We are entering a year when top design shops like Frog Design have declared that the “Human-computer interaction gets more humanistic,,” or as Creative Director Mark Rolston put it “We need to take the computers out of computing and more humanistically integrate them into everyday life.” By hiring Kurzweil, Google plans to be at the center of such developments. And given the competitive nature of the markets that Google is serving – search, mobile apps, e-commerce – a lot will happen well in advance of the vaunted 2029 (assuming we all survive the Mayan Apocolypse on December 21, 2012).

Google’s interest in Kurzweil’s work is long standing. Larry Page, Google’s co-founder, helped Kurzweil and Dr. Peter Diamandis set up Singularity University in 2008. Over the years, Google has supported it with more than $250,000 in donations, and some of Google’s earliest employees are among the university’s “founding circle,” meaning that they have made personal donations of $100,000 each. Courses at Singularity U address challenges and accelerate development around nanotechnology, artificial intelligence, energy, biotech, robotics and computing.

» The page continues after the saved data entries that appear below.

Ltac solve_continuous :=
  repeat match goal with
  | H : forall y, continuous ?g y |- continuous ?g _ => apply H
  | |- continuous (fun _ => _) _ => apply continuous_const
  | |- continuous (fun y => y) _ => apply continuous_id
  | |- continuous (fun y => Rabs _) _ => apply continuous_Rabs_comp
  | |- continuous (fun y => upos _) _ => apply continuous_upos
  | |- continuous (fun y => uneg _) _ => apply continuous_uneg
  | |- continuous (fun y => _ - _) _ => apply continuous_Rminus
  | |- continuous (fun y => _ + _) _ => apply continuous_Rplus
  | |- continuous (fun y => _ * _) _ => apply continuous_Rmult
  | |- continuous (Rminus ?c) _ => apply (continuous_Rminus (fun _ => c) (fun y => y))
  | |- continuous (Rplus ?c) _ => apply (continuous_Rplus (fun _ => c) (fun y => y))
  | |- continuous (Rmult ?c) _ => apply (continuous_Rmult (fun _ => c) (fun y => y))
  | H : forall y, continuous ?g y |- continuous (fun y => ?g _) _ =>
      apply (continuous_Rcomp _ g _); [| exact H]
  end.

Lemma ex_RInt_cont (f : R -> R) (a b : R) : (forall x, continuous f x) -> ex_RInt f a b.
Proof. intros Hf. apply (@ex_RInt_continuous R_CompleteNormedModule). intros; apply Hf. Qed.

Lemma continuous_of_ex_derive (f : R -> R) x : ex_derive f x -> continuous f x.
Proof. exact (@ex_derive_continuous R_AbsRing R_NormedModule f x). Qed.

Lemma continuity_pt_of_continuous (f : R -> R) x : continuous f x -> continuity_pt f x.
Proof. apply continuity_pt_filterlim. Qed.

Lemma bounded_of_compact_support (f : R -> R) (S : R) :
  0 <= S -> (forall y, continuous f y) -> (forall y, S < Rabs y -> f y = 0) ->
  exists B, forall y, Rabs (f y) <= B.
Proof.
  intros hS Hf Hsupp.
  destruct (continuity_ab_maj (fun y => Rabs (f y)) (- S) S) as [m [Hm _]]; [lra| |].
  { intros c _. apply continuity_pt_of_continuous. solve_continuous. }
  exists (Rabs (f m)). intros y.
  destruct (Rle_or_lt (Rabs y) S) as [hy | hy].
  - apply Hm. unfold Rabs in hy. destruct (Rcase_abs y); lra.
  - rewrite (Hsupp y hy), Rabs_R0. apply Rabs_pos.
Qed.

(** * Continuous induction *)

Lemma Rabs_eq0_of_le_eps (y c : R) : (forall eta, 0 < eta -> Rabs y <= eta * c) -> y = 0.
Proof.
  intros Hy. destruct (Req_dec y 0) as [e | ne]; [exact e | exfalso].
  pose proof (Rabs_pos_lt y ne).
  assert (Rabs y <= 0); [|lra].
  apply Rle_plus_epsilon. intros g hg. rewrite Rplus_0_l.
  assert (hc : 0 < Rabs c + 1) by (pose proof (Rabs_pos c); lra).
  eapply Rle_trans; [apply (Hy (g / (Rabs c + 1))); apply Rdiv_lt_0_compat; lra|].
  apply Rle_trans with (g / (Rabs c + 1) * (Rabs c + 1)); [| right; field; lra].
  apply Rmult_le_compat_l; [apply Rlt_le, Rdiv_lt_0_compat; lra|].
  pose proof (Rle_abs c). lra.
Qed.

Lemma continuous_induction (a b : R) (G : R -> Prop) :
  a <= b -> G a ->
  (forall t, a < t <= b -> (forall r, a <= r < t -> G r) -> G t) ->
  (forall t, a <= t < b -> G t ->
     exists d, 0 < d /\ forall s, t < s < t + d -> s <= b -> G s) ->
  forall t, a <= t <= b -> G t.
Proof.
  intros hab Ga Hleft Hright.
  set (E := fun s => a <= s <= b /\ forall r, a <= r <= s -> G r).
  assert (Ea : E a) by (split; [lra | intros r Hr; replace r with a by lra; exact Ga]).
  destruct (completeness E) as [m [Hub Hlub]].
  { exists b. intros s [Hs _]. lra. }
  { exists a. exact Ea. }
  assert (am : a <= m) by (apply Hub, Ea).
  assert (mb : m <= b) by (apply Hlub; intros s [Hs _]; lra).
  assert (Gbelow : forall r, a <= r < m -> G r).
  { intros r Hr. destruct (classic (exists s, E s /\ r < s)) as [[s [[_ Hs] Hrs]] | Hn].
    - apply Hs. lra.
    - exfalso. assert (m <= r); [|lra]. apply Hlub. intros s Es.
      apply Rnot_lt_le. intros Hrs. apply Hn. exists s. split; assumption. }
  assert (Gm : G m).
  { destruct (Req_dec m a) as [-> | ne]; [exact Ga | apply Hleft; [lra | exact Gbelow]]. }
  assert (m = b) as <-.
  { destruct (Req_dec m b) as [e | ne]; [exact e|]. exfalso.
    destruct (Hright m ltac:(lra) Gm) as [d [hd Hd]].
    set (s := m + Rmin d (b - m) / 2).
    assert (Rmin d (b - m) <= d) by apply Rmin_l.
    assert (Rmin d (b - m) <= b - m) by apply Rmin_r.
    assert (0 < Rmin d (b - m)) by (apply Rmin_pos; lra).
    assert (Es : E s).
    { split; [unfold s; lra|]. intros r Hr.
      destruct (Rlt_or_le r m) as [h | h]; [apply Gbelow; lra|].
      destruct (Req_dec r m) as [-> | ne2]; [exact Gm|].
      apply Hd; unfold s in Hr; lra. }
    pose proof (Hub s Es). unfold s in *. lra. }
  intros t Ht. destruct (Req_dec t m) as [-> | ne]; [exact Gm | apply Gbelow; lra].
Qed.

Lemma exists_near_left (a t delta : R) : a < t -> 0 < delta ->
  exists r, a <= r < t /\ Rabs (r - t) < delta.
Proof.
  intros hat hd. exists (t - Rmin delta (t - a) / 2).
  assert (Rmin delta (t - a) <= delta) by apply Rmin_l.
  assert (Rmin delta (t - a) <= t - a) by apply Rmin_r.
  assert (0 < Rmin delta (t - a)) by (apply Rmin_pos; lra).
  split; [lra|]. rewrite Rabs_left; lra.
Qed.

(* A Dini-derivative criterion for monotonicity. *)
Lemma le_of_right_slopes (N : R -> R) (c : R) :
  N 0 <= c ->
  (forall t, 0 < t -> forall g, 0 < g -> exists delta, 0 < delta /\
     forall r, 0 <= r < t -> Rabs (r - t) < delta -> N t <= N r + g) ->
  (forall t, 0 <= t -> forall eta, 0 < eta -> exists d, 0 < d /\
     forall s, t < s < t + d -> N s <= N t + eta * (s - t)) ->
  forall t, 0 <= t -> N t <= c.
Proof.
  intros N0 Hleft Hright T HT.
  assert (Hslow : forall eta, 0 < eta -> forall t, 0 <= t <= T -> N t <= c + eta * t).
  { intros eta heta. apply continuous_induction; [lra | lra | |].
    - intros t Ht Hbelow. apply Rle_plus_epsilon. intros g hg.
      destruct (Hleft t ltac:(lra) g hg) as [delta [hdelta Hdelta]].
      destruct (exists_near_left 0 t delta) as [r [Hr Hrt]]; [lra | exact hdelta|].
      pose proof (Hbelow r Hr). pose proof (Hdelta r Hr Hrt).
      assert (eta * r <= eta * t) by (apply Rmult_le_compat_l; lra). lra.
    - intros t Ht Gt. destruct (Hright t ltac:(lra) eta heta) as [d [hd Hd]].
      exists d. split; [exact hd|]. intros s Hs _. pose proof (Hd s Hs).
      replace (c + eta * s) with (c + eta * t + eta * (s - t)) by ring. lra. }
  apply Rle_plus_epsilon. intros g hg.
  assert (hT1 : 0 < T + 1) by lra.
  pose proof (Hslow (g / (T + 1)) ltac:(apply Rdiv_lt_0_compat; lra) T ltac:(lra)).
  assert (g / (T + 1) * T <= g); [|lra].
  apply Rle_trans with (g / (T + 1) * (T + 1)); [| right; field; lra].
  apply Rmult_le_compat_l; [apply Rlt_le, Rdiv_lt_0_compat |]; lra.
Qed.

Conflating “Human-like” with “Humanistic”
“Human-like” speaks for itself. We’re already witnessing some very impressive platforms for human-to-machine conversations. They include sufficiently accurate speech recognition and elegantly sculpted text-to-speech rendering, coupled with computer resources that use natural language processing and elements of “artificial intelligence” to make sense out of what someone has said by keeping track of context and managing a polite dialogue. These systems are also “adaptive,” in that they learn from mistakes and are constantly improving. The current level of quality for “virtual assistants” (so far a succession of female personas like Siri, Lola, Lexee and a few others) have given a broadening number of companies confidence to incorporate them into their customer care workflows.

A search on Google shows that “humanistic” means “of or pertaining to a philosophy asserting human dignity and man’s capacity for fulfillment through reason and scientific method.” That’s quite different from “human-like” but it is certainly a worthy objective and one, I would argue, that might capture the role that Kurzweil is destined to play at Google. Inasmuch as the whole Singularity movement is defining the many ways that a combination of technology and humanity results in a sum that is greater than its parts, we’re talking about both man and machine’s capacity for fulfillment through reason and scientific method.

The race to build the best Personal Virtual Assistant should shorten the time it takes for a system to pass the Turing Test – at least at the language understanding level. Meanwhile we should all benefit as Google, Apple, SRI, Microsoft and a number of smaller firms keep improving on the concept. At the same time, companies like Interactions Corporation are applying their technology to make self-service both more human-like and more humanistic. The result is a software platform that has evolved into a “virtual assistant” that is very accurate in recognizing what callers are saying and quickly routing them to the correct resource. It is human-like, in that it understands what a callers are saying with great accuracy and its responses sound like live agents. It is humanistic because it targets the simple objective of helping callers complete their tasks quickly and efficiently.

2013 will witness much higher quality person-to-machine interactions as developers pursue a parallel course that continue to make them more human-like and humanistic.